Available data Start Marker

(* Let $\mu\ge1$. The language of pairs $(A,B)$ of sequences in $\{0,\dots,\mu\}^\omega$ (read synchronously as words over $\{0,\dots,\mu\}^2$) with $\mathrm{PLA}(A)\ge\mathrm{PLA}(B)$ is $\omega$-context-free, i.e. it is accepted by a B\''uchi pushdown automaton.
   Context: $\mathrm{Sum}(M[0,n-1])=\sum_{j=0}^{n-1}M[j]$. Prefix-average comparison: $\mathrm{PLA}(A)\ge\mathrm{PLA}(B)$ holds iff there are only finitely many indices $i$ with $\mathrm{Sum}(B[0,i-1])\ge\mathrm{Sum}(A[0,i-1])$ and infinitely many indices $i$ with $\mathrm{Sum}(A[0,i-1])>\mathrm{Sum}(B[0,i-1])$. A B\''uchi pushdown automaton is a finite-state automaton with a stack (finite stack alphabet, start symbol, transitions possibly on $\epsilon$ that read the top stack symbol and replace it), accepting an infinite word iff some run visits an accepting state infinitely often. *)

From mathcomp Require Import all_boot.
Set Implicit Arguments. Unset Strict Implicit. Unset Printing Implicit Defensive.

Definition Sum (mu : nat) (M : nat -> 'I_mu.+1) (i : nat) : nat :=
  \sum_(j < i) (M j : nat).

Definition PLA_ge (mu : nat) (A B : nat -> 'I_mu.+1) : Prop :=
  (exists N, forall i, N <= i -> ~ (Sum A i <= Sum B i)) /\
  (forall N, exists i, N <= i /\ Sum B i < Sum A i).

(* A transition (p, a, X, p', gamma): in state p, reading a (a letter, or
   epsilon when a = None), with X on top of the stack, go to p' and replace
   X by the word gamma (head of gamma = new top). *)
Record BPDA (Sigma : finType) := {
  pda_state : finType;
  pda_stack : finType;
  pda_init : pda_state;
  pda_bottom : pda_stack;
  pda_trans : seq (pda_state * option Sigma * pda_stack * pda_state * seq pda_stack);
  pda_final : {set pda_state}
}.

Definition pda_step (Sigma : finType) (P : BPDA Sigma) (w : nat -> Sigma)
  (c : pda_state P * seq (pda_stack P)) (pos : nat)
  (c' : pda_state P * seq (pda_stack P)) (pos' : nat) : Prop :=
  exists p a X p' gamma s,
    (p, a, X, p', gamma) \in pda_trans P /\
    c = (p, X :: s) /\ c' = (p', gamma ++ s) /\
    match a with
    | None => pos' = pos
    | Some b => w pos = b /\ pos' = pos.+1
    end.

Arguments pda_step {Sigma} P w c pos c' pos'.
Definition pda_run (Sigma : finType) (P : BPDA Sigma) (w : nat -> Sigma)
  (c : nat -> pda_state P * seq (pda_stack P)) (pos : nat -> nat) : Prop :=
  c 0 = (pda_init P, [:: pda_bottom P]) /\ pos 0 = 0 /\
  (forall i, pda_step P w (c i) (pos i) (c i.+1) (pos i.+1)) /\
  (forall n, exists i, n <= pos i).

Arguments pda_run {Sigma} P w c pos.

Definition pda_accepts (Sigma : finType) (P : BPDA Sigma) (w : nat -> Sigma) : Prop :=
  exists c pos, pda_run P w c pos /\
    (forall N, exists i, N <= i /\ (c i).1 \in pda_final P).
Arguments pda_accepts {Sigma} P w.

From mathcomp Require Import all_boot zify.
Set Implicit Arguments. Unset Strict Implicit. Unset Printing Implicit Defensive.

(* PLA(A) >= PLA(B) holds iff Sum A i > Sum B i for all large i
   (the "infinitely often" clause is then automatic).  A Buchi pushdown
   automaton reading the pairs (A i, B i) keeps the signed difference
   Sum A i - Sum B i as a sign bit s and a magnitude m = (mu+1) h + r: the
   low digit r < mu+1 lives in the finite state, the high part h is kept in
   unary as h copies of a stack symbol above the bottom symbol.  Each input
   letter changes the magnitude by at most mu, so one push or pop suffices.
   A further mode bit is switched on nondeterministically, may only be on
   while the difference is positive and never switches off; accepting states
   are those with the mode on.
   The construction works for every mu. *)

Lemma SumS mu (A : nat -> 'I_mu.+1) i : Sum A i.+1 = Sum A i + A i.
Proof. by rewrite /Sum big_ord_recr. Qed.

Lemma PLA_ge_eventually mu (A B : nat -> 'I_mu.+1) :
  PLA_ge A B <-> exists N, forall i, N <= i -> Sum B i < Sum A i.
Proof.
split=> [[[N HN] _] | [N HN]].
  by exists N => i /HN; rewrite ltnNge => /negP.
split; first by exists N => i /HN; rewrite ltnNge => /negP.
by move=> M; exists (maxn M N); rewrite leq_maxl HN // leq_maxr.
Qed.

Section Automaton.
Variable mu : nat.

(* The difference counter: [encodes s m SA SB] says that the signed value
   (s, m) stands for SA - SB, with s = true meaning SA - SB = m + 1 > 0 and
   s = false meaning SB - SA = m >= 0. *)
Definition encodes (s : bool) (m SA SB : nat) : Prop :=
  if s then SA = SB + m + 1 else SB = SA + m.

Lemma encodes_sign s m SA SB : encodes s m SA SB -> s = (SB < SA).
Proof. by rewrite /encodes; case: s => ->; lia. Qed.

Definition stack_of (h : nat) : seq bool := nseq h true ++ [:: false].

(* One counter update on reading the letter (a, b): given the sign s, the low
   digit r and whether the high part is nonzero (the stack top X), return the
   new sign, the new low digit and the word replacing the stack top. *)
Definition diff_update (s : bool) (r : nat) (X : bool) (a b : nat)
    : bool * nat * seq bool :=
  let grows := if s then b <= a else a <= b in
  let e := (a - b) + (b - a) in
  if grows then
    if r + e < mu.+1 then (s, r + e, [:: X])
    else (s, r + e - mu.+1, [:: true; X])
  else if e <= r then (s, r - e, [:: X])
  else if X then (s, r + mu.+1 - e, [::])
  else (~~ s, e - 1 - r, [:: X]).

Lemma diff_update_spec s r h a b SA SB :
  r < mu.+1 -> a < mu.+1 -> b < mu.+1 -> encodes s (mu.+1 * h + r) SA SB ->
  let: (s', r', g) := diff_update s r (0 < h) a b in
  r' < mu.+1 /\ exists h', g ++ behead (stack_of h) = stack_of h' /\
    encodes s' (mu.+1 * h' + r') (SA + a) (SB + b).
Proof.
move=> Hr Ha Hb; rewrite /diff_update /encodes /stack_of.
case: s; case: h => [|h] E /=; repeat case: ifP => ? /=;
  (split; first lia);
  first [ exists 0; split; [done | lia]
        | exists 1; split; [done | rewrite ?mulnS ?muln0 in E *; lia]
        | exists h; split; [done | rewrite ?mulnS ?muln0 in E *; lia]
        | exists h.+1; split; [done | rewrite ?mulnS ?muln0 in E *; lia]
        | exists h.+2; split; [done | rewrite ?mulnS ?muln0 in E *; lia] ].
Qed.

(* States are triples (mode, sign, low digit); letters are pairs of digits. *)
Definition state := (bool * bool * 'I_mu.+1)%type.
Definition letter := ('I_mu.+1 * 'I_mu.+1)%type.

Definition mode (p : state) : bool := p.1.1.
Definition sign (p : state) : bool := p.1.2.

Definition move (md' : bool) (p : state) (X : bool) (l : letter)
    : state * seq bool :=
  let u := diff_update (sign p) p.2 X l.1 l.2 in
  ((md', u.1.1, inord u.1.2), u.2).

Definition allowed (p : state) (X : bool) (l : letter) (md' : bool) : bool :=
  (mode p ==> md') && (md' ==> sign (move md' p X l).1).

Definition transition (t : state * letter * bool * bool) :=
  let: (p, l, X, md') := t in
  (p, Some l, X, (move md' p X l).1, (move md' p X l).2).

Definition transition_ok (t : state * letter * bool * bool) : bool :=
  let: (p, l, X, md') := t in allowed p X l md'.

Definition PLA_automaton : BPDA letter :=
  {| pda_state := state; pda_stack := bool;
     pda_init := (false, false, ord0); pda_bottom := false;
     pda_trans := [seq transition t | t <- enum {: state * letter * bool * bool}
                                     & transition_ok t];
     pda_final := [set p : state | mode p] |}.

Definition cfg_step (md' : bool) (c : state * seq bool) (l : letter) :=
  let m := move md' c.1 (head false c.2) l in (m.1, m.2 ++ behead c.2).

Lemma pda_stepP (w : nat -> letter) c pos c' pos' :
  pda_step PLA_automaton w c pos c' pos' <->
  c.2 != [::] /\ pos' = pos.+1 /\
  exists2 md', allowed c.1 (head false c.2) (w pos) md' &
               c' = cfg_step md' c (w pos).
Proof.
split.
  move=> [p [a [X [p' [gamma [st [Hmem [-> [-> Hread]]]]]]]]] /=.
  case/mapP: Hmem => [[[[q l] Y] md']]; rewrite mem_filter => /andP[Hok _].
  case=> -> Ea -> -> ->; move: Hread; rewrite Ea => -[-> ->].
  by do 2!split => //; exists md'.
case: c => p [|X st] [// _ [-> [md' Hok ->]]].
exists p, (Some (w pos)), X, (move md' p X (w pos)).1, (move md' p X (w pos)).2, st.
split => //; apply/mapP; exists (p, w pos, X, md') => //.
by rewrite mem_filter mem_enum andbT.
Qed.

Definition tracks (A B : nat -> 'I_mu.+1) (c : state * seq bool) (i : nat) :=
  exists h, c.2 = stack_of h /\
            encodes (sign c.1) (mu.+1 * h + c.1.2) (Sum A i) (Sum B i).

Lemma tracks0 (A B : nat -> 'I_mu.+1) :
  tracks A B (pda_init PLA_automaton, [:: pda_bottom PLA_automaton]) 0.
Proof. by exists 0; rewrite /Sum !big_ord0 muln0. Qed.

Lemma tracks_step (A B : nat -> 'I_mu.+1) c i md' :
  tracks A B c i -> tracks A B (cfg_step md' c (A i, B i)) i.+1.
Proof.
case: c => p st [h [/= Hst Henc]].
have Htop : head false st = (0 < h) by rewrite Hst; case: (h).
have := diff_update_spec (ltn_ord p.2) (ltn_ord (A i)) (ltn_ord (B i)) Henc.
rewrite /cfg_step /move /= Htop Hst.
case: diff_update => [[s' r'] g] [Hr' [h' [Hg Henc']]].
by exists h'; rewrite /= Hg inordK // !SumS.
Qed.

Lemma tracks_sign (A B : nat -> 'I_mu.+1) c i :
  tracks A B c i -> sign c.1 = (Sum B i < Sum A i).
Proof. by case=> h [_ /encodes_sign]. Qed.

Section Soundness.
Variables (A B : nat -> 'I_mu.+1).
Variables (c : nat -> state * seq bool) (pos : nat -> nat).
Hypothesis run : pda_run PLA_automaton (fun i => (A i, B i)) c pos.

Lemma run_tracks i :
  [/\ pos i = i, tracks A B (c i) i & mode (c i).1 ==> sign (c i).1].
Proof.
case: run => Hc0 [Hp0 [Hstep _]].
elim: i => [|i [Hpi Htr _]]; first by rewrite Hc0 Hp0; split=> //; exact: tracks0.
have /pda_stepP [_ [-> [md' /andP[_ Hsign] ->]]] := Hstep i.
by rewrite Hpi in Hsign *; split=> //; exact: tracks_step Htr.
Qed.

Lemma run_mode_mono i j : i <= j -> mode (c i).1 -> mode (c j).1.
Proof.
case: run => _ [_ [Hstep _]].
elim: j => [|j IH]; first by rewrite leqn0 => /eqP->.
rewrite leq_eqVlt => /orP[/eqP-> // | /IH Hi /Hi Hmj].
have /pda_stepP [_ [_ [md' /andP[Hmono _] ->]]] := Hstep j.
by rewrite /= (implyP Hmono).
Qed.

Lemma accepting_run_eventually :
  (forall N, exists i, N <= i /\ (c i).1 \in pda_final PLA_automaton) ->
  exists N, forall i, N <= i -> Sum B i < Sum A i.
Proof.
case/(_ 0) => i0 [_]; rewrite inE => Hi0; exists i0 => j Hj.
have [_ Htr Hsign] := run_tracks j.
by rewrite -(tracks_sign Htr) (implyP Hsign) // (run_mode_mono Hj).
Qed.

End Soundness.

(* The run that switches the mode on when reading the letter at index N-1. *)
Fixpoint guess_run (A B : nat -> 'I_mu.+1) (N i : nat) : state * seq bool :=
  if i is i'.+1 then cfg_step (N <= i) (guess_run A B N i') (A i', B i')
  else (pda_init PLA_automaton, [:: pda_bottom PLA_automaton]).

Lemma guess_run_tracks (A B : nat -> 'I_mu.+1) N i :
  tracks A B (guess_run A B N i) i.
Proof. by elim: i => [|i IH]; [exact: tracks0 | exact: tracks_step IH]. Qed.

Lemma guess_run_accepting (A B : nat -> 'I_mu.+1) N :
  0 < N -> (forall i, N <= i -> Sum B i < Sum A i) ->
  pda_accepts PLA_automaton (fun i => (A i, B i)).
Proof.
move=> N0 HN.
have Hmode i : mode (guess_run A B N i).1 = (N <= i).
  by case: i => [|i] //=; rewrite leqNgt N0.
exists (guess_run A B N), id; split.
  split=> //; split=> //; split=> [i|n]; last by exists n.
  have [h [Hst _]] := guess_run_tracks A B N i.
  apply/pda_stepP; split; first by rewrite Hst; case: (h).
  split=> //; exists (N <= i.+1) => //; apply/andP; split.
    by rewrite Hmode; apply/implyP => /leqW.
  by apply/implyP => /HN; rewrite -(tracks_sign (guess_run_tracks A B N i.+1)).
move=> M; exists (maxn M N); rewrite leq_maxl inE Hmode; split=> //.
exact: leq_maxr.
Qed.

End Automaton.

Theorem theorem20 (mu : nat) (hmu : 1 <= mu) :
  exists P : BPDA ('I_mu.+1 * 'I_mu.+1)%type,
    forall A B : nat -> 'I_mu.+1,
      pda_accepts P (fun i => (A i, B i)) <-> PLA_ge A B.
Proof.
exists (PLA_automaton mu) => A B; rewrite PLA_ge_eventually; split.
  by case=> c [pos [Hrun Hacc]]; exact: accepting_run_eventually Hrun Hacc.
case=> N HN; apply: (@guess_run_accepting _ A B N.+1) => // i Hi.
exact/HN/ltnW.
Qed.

Available data End Marker
Available data Start Marker

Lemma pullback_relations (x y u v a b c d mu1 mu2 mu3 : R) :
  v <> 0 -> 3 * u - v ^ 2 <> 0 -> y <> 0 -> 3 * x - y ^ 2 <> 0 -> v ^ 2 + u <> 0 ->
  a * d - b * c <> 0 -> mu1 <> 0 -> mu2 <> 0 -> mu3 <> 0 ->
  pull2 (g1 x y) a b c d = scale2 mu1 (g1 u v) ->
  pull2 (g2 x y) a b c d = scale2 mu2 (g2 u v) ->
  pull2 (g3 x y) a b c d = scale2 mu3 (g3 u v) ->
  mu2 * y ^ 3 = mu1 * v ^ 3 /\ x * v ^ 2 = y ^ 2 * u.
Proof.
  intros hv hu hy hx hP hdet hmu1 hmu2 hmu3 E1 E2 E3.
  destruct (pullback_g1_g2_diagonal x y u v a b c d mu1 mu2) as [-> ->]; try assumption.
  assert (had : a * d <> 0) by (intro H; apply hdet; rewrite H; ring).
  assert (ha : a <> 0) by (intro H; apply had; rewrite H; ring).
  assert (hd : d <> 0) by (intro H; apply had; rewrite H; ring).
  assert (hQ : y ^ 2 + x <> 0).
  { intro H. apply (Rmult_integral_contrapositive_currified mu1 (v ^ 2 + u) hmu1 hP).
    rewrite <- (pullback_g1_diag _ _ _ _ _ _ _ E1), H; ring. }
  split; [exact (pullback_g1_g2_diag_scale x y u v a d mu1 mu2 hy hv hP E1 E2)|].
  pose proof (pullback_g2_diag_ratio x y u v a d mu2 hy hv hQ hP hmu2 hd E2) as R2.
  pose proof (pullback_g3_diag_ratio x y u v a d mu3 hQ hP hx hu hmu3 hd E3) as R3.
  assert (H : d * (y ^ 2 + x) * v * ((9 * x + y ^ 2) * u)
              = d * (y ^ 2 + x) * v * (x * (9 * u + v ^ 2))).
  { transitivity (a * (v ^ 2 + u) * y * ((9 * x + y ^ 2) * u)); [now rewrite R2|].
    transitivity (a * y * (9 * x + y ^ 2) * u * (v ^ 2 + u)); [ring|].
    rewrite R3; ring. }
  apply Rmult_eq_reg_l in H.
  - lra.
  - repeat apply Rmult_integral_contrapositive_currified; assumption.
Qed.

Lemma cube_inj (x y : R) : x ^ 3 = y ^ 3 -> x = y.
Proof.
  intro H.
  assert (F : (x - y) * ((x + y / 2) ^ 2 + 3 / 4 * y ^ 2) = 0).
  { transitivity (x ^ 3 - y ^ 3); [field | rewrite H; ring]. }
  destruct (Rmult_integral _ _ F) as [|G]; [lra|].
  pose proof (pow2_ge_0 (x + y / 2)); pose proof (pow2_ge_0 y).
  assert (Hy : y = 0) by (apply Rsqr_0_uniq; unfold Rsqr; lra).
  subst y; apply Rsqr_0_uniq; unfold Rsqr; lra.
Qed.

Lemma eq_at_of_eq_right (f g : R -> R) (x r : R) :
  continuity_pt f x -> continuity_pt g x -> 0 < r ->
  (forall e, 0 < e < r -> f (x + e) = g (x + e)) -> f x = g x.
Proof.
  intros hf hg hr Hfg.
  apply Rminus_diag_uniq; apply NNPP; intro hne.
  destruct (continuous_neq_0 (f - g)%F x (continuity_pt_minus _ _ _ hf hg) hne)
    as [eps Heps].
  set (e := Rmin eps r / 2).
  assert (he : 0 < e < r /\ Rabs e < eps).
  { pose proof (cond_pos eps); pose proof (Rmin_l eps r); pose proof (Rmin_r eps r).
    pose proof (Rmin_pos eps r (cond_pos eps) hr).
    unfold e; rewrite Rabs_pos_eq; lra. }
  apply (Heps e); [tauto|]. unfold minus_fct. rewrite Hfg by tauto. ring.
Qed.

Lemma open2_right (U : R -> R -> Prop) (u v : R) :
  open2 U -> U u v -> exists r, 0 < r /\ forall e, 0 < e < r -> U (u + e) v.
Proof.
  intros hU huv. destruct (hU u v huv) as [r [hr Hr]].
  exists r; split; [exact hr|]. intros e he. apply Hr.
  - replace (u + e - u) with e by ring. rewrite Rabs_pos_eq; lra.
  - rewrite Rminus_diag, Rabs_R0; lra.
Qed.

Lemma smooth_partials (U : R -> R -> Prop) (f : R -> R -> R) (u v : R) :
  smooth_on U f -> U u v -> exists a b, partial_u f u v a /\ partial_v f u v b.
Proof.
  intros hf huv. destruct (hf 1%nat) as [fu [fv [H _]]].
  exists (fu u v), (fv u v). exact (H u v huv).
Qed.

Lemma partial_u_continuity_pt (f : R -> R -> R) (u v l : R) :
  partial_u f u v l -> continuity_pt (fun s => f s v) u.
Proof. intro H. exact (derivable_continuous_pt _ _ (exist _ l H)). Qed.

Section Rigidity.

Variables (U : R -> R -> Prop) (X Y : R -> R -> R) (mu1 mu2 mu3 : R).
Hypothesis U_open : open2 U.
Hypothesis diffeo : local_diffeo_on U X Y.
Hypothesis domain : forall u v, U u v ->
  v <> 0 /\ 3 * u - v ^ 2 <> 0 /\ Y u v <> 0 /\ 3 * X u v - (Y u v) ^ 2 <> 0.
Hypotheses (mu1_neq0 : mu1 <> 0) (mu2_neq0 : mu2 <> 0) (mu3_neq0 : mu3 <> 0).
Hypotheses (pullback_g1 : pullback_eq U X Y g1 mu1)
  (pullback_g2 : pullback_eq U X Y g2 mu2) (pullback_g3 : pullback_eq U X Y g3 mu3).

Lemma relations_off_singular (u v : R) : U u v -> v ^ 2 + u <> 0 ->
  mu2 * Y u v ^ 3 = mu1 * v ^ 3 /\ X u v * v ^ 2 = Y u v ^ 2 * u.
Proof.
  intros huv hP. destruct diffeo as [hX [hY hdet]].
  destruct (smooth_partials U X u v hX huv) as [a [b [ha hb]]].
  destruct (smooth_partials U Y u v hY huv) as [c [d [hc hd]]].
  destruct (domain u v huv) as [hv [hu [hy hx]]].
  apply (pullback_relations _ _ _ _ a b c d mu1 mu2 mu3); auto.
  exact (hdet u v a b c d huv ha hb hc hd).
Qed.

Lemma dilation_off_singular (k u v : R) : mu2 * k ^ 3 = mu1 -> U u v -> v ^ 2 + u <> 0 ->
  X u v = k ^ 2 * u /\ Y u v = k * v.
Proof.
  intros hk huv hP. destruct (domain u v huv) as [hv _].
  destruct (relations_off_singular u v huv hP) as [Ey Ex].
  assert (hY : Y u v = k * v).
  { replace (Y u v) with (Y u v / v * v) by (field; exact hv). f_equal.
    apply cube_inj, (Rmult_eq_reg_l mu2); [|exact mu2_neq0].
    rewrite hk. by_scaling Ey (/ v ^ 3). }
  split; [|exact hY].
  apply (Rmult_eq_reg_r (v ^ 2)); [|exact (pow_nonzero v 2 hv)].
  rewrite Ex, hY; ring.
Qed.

Available data End Marker

**What you should do**
What is needed is every line from the data above that includes the string "reading", copied out.

**Task response**
(* A transition (p, a, X, p', gamma): in state p, reading a (a letter, or
   automaton reading the pairs (A i, B i) keeps the signed difference
(* One counter update on reading the letter (a, b): given the sign s, the low
(* The run that switches the mode on when reading the letter at index N-1. *)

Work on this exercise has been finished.